__Task item__
After finding the line containing "move=> [y yA" below, please output that line and each following one through the line containing "rewrite -(addsmxE A v).", exactly as written.

Collected data entries:
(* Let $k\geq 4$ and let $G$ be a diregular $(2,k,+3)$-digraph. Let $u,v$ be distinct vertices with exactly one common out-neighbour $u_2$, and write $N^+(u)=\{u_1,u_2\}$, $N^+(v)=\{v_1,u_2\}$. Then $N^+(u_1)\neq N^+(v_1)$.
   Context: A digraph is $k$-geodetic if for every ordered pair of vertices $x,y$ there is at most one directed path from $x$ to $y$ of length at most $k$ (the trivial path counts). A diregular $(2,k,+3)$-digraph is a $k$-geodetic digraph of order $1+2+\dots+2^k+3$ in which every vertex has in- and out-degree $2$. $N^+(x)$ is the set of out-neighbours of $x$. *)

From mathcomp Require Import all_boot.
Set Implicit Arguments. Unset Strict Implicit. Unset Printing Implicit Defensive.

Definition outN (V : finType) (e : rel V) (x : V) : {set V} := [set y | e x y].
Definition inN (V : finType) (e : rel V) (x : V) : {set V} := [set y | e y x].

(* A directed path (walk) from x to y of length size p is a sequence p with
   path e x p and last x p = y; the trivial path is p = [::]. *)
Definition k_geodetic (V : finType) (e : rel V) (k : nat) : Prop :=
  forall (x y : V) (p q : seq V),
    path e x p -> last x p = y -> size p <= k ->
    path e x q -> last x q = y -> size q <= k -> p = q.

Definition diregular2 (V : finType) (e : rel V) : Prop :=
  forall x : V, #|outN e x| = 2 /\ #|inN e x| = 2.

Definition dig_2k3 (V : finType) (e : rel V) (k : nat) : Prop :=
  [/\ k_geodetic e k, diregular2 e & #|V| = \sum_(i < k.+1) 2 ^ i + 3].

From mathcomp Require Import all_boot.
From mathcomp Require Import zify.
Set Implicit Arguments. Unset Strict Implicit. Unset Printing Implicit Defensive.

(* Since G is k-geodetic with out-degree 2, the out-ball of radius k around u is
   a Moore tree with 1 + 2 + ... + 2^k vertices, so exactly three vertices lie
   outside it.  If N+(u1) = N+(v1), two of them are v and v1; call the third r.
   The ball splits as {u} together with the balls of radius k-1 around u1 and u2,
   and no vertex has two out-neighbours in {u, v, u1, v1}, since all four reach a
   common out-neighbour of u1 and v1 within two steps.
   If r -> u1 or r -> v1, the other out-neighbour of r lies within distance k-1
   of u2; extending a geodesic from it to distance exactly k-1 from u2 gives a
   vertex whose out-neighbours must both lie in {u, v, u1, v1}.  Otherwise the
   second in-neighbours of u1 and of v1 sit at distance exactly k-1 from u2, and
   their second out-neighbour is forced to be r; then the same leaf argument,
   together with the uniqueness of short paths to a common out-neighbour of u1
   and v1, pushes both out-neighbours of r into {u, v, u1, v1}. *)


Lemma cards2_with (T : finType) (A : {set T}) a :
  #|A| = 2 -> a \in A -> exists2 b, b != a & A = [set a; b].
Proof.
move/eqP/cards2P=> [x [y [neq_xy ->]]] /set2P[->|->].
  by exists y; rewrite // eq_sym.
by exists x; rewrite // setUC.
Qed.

* * *

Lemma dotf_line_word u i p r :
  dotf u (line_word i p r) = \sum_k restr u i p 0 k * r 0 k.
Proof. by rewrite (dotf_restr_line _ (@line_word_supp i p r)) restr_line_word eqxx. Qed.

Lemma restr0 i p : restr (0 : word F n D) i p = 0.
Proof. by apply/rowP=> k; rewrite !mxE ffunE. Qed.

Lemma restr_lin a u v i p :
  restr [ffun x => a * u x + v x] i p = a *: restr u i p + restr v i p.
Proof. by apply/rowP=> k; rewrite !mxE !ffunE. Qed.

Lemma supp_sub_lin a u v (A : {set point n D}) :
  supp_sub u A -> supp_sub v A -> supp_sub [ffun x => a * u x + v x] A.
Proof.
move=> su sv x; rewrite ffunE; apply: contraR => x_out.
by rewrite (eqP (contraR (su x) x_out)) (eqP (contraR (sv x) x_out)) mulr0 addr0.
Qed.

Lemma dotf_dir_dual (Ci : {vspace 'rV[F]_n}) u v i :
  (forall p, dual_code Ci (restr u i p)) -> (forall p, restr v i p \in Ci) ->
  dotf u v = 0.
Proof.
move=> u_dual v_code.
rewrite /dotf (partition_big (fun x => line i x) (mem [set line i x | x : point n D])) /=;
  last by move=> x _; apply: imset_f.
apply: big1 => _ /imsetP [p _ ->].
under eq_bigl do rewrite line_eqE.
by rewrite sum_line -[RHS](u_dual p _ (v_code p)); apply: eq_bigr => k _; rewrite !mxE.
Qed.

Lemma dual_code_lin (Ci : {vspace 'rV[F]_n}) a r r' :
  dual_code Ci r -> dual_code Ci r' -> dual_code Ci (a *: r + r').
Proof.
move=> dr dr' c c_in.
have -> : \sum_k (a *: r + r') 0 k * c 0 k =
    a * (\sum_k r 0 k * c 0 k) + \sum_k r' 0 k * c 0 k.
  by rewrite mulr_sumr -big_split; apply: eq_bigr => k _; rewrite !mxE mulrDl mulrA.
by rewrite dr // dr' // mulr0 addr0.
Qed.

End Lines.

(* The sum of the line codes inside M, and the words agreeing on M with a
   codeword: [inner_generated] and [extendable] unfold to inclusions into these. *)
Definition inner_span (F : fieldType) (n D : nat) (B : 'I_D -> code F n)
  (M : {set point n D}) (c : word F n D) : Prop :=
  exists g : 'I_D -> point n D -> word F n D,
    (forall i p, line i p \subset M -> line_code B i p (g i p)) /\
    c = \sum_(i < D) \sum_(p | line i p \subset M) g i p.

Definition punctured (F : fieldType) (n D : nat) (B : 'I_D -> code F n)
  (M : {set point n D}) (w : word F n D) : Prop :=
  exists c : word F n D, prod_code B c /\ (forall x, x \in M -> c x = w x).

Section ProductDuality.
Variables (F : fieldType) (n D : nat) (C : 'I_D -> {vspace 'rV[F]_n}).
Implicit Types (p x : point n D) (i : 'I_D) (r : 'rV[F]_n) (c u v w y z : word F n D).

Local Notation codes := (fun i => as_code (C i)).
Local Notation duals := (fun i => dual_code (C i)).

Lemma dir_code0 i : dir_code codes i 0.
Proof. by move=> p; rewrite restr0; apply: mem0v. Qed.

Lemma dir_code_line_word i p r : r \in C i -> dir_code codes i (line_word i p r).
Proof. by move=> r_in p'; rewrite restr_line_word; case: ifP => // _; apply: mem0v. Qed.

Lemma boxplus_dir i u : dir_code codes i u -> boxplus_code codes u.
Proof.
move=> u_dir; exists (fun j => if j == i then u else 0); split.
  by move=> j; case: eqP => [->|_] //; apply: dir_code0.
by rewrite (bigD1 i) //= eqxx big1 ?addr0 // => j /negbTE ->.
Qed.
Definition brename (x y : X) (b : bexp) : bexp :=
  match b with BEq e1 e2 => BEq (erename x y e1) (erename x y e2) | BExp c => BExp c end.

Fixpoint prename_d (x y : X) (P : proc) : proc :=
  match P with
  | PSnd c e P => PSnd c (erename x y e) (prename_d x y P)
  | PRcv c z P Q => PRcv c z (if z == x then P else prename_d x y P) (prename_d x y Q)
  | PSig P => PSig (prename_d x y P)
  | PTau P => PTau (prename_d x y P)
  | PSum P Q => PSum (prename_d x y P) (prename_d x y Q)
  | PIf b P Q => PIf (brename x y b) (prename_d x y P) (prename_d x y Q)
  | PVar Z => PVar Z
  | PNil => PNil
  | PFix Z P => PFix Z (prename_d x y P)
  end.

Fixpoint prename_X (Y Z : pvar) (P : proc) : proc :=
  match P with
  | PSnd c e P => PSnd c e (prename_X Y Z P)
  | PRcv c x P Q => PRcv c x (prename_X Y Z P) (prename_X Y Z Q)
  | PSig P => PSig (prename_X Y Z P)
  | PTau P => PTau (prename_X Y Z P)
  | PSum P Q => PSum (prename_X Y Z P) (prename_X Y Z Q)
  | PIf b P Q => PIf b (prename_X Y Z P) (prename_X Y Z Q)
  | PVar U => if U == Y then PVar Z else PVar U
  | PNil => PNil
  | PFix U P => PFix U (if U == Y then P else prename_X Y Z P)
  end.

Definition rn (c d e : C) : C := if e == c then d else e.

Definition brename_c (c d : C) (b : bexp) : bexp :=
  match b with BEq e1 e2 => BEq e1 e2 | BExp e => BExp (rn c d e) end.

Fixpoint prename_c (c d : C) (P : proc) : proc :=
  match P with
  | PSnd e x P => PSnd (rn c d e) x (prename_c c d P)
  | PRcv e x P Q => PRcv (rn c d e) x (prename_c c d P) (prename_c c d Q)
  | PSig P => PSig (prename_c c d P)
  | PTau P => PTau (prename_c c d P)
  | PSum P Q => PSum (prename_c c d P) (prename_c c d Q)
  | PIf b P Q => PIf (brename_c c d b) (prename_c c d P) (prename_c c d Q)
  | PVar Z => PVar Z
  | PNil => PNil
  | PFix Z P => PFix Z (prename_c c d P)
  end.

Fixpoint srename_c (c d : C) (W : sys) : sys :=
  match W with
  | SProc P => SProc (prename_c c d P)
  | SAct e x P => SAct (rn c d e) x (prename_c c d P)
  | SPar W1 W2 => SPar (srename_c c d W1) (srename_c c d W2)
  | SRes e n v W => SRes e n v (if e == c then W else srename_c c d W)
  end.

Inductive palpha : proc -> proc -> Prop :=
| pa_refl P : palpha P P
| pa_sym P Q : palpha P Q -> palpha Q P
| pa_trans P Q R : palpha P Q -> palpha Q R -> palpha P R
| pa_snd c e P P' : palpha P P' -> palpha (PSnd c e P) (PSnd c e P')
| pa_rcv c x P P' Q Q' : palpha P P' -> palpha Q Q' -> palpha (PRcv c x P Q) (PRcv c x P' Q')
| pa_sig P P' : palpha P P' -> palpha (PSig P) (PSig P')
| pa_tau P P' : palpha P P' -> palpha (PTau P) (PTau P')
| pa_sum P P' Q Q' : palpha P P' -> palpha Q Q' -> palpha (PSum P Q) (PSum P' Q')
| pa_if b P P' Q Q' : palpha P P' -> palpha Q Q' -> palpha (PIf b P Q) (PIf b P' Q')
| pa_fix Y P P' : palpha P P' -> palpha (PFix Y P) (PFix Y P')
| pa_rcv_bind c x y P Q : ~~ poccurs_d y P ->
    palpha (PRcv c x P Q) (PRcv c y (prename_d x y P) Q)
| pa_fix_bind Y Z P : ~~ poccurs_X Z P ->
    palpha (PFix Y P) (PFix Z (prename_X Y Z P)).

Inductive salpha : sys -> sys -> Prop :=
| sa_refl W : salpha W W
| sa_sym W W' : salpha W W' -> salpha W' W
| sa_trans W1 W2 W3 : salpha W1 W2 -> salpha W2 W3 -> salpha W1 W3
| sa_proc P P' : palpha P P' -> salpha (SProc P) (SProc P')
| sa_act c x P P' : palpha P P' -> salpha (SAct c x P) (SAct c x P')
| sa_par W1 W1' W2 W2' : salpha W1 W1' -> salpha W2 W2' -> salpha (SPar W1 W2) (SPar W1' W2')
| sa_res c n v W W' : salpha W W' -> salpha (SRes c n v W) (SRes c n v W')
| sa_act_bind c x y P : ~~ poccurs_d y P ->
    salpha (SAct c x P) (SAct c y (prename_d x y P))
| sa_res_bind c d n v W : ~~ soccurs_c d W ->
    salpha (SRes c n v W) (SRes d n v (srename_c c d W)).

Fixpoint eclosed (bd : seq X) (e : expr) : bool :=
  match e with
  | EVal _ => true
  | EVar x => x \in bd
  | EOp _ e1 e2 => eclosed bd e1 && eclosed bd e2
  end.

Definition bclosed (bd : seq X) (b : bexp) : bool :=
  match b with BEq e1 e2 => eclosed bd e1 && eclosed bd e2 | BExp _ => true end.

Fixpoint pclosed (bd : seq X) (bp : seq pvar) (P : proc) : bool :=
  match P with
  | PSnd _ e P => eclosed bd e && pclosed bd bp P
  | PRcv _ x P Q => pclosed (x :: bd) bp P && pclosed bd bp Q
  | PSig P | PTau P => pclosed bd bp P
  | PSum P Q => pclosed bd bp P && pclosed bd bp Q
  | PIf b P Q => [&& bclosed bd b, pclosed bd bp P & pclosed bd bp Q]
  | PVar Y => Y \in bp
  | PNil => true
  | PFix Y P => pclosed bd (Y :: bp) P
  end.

...

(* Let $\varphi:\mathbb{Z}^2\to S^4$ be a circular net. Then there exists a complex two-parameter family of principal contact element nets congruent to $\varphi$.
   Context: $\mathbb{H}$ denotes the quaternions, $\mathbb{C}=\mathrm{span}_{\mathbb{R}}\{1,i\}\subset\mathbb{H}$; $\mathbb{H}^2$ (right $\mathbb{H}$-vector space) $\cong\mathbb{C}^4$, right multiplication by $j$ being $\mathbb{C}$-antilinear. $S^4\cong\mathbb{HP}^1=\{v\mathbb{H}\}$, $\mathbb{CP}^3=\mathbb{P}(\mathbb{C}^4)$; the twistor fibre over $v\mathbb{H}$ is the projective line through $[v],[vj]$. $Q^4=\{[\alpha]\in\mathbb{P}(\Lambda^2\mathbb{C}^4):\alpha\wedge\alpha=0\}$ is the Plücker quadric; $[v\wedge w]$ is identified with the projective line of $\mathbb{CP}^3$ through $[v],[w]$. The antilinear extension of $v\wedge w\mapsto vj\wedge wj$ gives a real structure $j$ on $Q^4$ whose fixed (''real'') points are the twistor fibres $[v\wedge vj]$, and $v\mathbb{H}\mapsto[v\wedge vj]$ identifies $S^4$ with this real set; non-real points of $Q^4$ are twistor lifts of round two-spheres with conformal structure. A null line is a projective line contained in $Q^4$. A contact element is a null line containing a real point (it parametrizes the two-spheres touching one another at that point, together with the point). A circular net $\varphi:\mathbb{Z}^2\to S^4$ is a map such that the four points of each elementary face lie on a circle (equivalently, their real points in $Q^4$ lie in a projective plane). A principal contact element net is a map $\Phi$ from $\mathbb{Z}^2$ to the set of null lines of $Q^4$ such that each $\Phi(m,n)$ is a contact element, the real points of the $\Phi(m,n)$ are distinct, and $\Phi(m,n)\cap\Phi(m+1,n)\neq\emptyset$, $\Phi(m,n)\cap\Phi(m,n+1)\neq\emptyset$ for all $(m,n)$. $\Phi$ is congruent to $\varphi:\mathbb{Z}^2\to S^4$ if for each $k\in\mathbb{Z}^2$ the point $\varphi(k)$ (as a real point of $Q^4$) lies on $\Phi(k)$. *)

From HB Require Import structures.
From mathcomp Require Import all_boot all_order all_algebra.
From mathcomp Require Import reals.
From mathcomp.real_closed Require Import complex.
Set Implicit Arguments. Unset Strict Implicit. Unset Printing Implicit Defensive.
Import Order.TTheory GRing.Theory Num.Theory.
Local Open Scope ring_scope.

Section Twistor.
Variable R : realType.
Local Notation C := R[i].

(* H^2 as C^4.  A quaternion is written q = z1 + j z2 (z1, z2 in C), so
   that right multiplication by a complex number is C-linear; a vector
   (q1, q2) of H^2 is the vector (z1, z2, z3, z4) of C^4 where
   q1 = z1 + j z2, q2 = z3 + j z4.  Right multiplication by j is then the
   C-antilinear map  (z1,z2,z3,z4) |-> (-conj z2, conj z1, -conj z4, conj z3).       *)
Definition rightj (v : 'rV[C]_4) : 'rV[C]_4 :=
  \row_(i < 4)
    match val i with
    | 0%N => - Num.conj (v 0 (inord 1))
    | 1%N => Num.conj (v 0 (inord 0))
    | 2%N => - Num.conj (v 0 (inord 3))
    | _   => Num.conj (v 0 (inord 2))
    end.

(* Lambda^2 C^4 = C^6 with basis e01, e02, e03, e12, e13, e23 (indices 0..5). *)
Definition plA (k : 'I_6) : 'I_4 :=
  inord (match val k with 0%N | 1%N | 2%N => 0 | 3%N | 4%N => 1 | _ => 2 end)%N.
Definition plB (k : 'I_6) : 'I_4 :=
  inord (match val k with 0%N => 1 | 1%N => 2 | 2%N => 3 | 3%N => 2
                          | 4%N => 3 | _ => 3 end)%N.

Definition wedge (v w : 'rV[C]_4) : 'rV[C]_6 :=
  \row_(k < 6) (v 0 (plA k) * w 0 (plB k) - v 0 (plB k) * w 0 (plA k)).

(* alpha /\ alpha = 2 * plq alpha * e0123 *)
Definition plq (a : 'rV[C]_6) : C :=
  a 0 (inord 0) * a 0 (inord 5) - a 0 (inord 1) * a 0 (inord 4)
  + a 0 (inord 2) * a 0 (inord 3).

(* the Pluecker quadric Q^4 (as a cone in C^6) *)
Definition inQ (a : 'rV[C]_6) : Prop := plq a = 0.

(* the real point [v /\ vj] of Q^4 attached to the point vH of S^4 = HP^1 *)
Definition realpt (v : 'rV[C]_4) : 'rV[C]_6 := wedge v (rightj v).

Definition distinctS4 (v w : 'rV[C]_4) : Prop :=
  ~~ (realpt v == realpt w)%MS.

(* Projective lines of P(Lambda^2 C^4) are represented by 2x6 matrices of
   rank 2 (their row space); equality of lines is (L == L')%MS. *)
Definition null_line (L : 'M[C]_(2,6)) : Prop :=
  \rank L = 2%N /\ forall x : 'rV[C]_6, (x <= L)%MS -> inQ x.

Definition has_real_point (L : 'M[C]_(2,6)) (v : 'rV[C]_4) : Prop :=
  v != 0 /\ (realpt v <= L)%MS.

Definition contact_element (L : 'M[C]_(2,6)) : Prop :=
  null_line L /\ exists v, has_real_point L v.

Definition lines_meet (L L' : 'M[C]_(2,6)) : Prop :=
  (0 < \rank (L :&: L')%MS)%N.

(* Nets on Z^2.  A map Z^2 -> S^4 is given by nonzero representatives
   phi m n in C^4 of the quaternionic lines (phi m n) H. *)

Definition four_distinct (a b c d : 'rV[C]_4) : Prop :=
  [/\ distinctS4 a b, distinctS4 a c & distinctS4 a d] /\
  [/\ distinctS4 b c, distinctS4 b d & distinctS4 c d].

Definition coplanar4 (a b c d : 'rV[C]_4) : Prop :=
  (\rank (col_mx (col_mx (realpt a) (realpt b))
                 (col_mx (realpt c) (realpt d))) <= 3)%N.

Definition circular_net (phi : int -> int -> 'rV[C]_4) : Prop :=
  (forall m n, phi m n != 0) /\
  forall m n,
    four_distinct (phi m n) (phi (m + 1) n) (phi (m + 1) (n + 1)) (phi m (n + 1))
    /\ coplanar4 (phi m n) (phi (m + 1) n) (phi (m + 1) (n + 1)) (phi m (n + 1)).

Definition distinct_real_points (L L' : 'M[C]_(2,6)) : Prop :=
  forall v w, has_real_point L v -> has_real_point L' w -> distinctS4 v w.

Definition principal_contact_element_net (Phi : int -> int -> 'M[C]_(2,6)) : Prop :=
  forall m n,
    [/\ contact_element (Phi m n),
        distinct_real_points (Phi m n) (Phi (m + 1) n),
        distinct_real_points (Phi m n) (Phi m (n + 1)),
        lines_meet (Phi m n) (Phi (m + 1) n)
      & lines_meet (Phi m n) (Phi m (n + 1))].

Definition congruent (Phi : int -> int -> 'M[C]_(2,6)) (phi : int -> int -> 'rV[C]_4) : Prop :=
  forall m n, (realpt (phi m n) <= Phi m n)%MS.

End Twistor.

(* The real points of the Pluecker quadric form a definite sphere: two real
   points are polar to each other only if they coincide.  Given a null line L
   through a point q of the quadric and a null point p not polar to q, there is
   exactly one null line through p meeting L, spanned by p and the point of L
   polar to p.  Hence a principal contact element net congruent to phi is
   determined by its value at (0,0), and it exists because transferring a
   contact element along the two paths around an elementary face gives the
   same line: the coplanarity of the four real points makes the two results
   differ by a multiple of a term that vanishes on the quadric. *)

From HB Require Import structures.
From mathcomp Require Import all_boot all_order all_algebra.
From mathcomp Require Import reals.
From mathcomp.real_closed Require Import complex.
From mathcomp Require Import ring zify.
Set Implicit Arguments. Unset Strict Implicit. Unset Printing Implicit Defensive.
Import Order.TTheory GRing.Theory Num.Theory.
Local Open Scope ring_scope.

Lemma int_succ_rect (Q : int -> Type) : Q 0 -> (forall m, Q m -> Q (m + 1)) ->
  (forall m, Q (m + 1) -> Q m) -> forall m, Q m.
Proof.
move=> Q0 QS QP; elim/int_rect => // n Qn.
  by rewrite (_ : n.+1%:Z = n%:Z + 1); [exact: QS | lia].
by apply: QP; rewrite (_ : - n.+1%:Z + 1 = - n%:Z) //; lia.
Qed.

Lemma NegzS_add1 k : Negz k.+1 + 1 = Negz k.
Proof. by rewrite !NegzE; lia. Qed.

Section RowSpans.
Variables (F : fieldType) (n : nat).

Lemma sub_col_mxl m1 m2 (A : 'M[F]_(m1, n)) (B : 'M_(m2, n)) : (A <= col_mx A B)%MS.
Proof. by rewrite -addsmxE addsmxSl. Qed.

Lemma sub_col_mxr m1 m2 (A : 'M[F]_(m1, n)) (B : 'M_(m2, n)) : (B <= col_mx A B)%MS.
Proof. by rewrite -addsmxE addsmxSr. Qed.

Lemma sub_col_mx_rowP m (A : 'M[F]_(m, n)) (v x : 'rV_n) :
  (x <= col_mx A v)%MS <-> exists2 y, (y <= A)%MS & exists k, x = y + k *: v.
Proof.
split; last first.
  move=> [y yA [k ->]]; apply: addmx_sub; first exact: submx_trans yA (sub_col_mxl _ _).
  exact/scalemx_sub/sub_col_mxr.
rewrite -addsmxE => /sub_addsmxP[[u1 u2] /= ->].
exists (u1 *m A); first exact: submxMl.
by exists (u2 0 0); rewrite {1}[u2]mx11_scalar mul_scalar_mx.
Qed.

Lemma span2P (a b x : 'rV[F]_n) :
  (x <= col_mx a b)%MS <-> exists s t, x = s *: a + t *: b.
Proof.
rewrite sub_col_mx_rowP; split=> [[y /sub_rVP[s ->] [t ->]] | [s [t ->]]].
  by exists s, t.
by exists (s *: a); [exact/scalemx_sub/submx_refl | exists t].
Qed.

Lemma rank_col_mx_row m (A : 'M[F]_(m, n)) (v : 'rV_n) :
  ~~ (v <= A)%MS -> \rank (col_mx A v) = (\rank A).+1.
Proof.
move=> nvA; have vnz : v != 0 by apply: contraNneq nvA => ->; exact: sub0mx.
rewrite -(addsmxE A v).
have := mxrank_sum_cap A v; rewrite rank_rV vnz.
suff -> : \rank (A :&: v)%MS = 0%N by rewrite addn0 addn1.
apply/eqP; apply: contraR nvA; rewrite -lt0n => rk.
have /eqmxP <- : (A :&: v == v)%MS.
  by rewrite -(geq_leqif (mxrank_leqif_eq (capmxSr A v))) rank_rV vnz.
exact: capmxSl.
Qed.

__Task output__
  move=> [y yA [k ->]]; apply: addmx_sub; first exact: submx_trans yA (sub_col_mxl _ _).
  exact/scalemx_sub/sub_col_mxr.
rewrite -addsmxE => /sub_addsmxP[[u1 u2] /= ->].
exists (u1 *m A); first exact: submxMl.
by exists (u2 0 0); rewrite {1}[u2]mx11_scalar mul_scalar_mx.
Qed.

Lemma span2P (a b x : 'rV[F]_n) :
  (x <= col_mx a b)%MS <-> exists s t, x = s *: a + t *: b.
Proof.
rewrite sub_col_mx_rowP; split=> [[y /sub_rVP[s ->] [t ->]] | [s [t ->]]].
  by exists s, t.
by exists (s *: a); [exact/scalemx_sub/submx_refl | exists t].
Qed.

Lemma rank_col_mx_row m (A : 'M[F]_(m, n)) (v : 'rV_n) :
  ~~ (v <= A)%MS -> \rank (col_mx A v) = (\rank A).+1.
Proof.
move=> nvA; have vnz : v != 0 by apply: contraNneq nvA => ->; exact: sub0mx.
rewrite -(addsmxE A v).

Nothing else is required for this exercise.